**Activity:**
Every line in the listing below from the one with "by apply/seteqP; split=> x /=; [case |" through the one with "case: (eO) => -[[_ tT tI _] hO _] _." is to be reproduced exactly, both ends included; leave out the rest.

▽

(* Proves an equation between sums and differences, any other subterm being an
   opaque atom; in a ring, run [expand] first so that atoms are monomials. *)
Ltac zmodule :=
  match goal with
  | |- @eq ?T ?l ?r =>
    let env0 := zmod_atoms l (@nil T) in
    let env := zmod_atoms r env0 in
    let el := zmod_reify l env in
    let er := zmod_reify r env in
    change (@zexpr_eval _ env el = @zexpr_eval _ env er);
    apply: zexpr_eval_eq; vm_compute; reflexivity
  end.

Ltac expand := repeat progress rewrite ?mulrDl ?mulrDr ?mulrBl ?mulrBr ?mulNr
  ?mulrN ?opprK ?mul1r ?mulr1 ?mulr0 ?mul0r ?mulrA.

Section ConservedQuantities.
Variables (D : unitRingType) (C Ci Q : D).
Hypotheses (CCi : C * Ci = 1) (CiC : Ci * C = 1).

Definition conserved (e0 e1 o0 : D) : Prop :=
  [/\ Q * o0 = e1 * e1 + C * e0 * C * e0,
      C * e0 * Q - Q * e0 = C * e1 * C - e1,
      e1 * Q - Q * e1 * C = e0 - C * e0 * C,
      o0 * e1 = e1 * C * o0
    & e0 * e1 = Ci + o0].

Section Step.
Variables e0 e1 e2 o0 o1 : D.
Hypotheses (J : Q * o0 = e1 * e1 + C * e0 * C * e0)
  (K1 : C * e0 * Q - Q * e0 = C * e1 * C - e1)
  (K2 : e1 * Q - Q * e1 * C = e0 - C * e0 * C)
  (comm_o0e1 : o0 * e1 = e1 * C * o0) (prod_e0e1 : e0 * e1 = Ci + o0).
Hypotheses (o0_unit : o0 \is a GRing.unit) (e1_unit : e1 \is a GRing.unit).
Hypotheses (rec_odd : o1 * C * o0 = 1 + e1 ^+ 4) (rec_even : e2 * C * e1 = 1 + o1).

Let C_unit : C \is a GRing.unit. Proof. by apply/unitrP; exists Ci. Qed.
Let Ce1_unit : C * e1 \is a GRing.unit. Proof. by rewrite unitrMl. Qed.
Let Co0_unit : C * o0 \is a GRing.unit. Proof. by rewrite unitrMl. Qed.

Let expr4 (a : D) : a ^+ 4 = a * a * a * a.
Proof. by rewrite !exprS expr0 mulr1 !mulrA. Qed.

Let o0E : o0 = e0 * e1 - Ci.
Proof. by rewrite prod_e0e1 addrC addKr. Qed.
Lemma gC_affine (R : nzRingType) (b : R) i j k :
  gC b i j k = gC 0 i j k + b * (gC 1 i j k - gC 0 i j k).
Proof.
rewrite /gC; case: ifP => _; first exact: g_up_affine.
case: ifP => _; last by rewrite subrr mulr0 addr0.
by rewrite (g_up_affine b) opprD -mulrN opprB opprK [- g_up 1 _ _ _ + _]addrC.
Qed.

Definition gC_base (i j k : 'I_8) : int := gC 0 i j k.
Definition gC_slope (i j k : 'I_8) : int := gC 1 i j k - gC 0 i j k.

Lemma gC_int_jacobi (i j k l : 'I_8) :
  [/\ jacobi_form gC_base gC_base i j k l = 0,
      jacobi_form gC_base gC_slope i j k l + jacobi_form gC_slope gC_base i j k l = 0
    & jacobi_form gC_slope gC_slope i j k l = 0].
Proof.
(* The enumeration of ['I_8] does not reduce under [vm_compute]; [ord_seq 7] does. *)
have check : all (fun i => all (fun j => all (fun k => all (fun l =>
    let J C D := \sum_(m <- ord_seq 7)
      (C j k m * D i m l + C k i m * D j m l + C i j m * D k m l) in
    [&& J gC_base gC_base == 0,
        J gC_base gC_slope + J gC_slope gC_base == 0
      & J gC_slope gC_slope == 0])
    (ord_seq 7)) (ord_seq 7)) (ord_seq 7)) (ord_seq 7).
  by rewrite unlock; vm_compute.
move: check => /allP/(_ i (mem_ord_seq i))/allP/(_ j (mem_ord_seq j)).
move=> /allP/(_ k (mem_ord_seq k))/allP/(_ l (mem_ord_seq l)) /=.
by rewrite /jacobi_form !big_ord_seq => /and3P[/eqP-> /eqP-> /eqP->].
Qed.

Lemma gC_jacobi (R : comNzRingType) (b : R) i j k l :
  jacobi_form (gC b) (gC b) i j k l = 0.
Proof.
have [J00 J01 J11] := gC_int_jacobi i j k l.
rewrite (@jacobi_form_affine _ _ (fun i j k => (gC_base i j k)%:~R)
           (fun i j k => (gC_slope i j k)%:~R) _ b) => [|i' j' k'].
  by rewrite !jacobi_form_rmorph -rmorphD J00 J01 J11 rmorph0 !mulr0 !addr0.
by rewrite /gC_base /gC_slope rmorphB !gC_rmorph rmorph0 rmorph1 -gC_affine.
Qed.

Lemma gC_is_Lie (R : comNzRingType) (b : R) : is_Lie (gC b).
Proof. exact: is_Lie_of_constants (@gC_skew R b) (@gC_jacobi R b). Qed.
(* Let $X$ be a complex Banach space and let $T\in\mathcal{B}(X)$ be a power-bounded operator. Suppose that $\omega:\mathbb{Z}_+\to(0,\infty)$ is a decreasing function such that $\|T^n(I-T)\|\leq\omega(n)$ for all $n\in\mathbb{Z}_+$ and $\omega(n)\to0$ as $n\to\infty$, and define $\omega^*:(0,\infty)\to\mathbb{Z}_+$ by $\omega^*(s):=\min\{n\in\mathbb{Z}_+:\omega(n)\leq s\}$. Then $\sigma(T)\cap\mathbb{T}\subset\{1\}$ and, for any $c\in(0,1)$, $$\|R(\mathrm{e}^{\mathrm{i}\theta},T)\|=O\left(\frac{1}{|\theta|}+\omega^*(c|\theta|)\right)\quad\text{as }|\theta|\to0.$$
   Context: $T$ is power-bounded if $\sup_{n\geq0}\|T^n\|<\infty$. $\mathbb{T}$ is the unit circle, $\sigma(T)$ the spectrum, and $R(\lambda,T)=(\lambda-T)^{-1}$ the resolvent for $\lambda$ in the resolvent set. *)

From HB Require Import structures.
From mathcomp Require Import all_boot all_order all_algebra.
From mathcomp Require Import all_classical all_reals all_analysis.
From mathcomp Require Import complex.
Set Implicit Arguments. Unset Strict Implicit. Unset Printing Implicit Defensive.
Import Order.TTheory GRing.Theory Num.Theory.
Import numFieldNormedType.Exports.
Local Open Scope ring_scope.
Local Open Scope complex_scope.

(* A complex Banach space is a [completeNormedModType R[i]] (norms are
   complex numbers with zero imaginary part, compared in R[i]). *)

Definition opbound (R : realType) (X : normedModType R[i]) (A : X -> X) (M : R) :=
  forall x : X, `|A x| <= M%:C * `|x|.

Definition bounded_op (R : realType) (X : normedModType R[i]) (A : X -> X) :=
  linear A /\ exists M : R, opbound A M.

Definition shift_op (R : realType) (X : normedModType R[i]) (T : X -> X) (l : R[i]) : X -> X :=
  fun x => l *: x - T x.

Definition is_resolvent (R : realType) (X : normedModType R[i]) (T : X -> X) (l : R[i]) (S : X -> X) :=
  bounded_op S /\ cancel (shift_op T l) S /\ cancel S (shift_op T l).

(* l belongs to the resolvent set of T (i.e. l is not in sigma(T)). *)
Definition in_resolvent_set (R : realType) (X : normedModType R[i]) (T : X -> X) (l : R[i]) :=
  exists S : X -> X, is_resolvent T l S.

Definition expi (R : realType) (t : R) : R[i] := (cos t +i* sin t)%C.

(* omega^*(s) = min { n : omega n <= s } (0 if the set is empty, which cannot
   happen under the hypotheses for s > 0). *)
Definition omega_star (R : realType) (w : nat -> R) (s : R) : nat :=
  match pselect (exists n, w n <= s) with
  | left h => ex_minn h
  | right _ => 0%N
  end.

△
▽

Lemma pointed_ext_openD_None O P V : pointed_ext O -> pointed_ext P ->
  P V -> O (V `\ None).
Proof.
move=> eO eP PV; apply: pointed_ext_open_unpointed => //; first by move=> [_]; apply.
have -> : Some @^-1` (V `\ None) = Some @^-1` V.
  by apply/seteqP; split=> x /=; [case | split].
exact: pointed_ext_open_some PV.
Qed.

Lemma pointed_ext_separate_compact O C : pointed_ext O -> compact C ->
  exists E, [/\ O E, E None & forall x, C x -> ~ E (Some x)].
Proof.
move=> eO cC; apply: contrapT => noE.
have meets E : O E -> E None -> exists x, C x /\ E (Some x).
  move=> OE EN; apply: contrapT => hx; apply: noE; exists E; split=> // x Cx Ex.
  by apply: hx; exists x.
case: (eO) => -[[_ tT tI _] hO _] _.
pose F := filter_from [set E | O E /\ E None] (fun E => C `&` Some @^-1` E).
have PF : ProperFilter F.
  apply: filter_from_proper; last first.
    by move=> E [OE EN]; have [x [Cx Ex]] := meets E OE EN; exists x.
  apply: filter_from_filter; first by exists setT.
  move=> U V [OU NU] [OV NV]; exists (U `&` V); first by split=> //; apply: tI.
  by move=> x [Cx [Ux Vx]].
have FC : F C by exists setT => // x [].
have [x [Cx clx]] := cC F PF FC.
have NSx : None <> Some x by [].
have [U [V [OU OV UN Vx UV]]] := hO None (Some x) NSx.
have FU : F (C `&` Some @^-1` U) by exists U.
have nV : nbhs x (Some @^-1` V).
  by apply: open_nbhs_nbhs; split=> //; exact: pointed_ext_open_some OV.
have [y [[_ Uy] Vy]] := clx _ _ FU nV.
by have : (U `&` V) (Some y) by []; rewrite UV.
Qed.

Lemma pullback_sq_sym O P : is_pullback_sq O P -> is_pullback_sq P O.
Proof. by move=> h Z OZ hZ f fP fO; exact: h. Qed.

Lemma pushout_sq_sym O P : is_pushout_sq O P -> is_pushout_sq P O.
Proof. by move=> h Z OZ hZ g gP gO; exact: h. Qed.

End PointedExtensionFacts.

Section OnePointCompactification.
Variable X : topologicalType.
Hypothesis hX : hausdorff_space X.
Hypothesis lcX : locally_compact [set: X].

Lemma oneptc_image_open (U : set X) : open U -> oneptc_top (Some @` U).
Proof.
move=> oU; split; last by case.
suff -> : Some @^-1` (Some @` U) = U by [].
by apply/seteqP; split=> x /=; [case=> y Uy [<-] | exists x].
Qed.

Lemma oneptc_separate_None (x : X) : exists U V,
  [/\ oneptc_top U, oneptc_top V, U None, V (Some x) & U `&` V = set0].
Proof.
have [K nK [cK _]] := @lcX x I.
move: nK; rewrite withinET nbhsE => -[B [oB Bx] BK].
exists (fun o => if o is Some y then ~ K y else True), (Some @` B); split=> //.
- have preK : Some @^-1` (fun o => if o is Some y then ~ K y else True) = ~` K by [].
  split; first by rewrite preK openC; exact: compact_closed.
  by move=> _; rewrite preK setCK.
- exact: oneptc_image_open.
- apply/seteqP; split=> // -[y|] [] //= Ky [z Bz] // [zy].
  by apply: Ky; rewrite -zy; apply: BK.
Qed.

△

**Solution for this problem:**
  by apply/seteqP; split=> x /=; [case | split].
exact: pointed_ext_open_some PV.
Qed.

Lemma pointed_ext_separate_compact O C : pointed_ext O -> compact C ->
  exists E, [/\ O E, E None & forall x, C x -> ~ E (Some x)].
Proof.
move=> eO cC; apply: contrapT => noE.
have meets E : O E -> E None -> exists x, C x /\ E (Some x).
  move=> OE EN; apply: contrapT => hx; apply: noE; exists E; split=> // x Cx Ex.
  by apply: hx; exists x.
case: (eO) => -[[_ tT tI _] hO _] _.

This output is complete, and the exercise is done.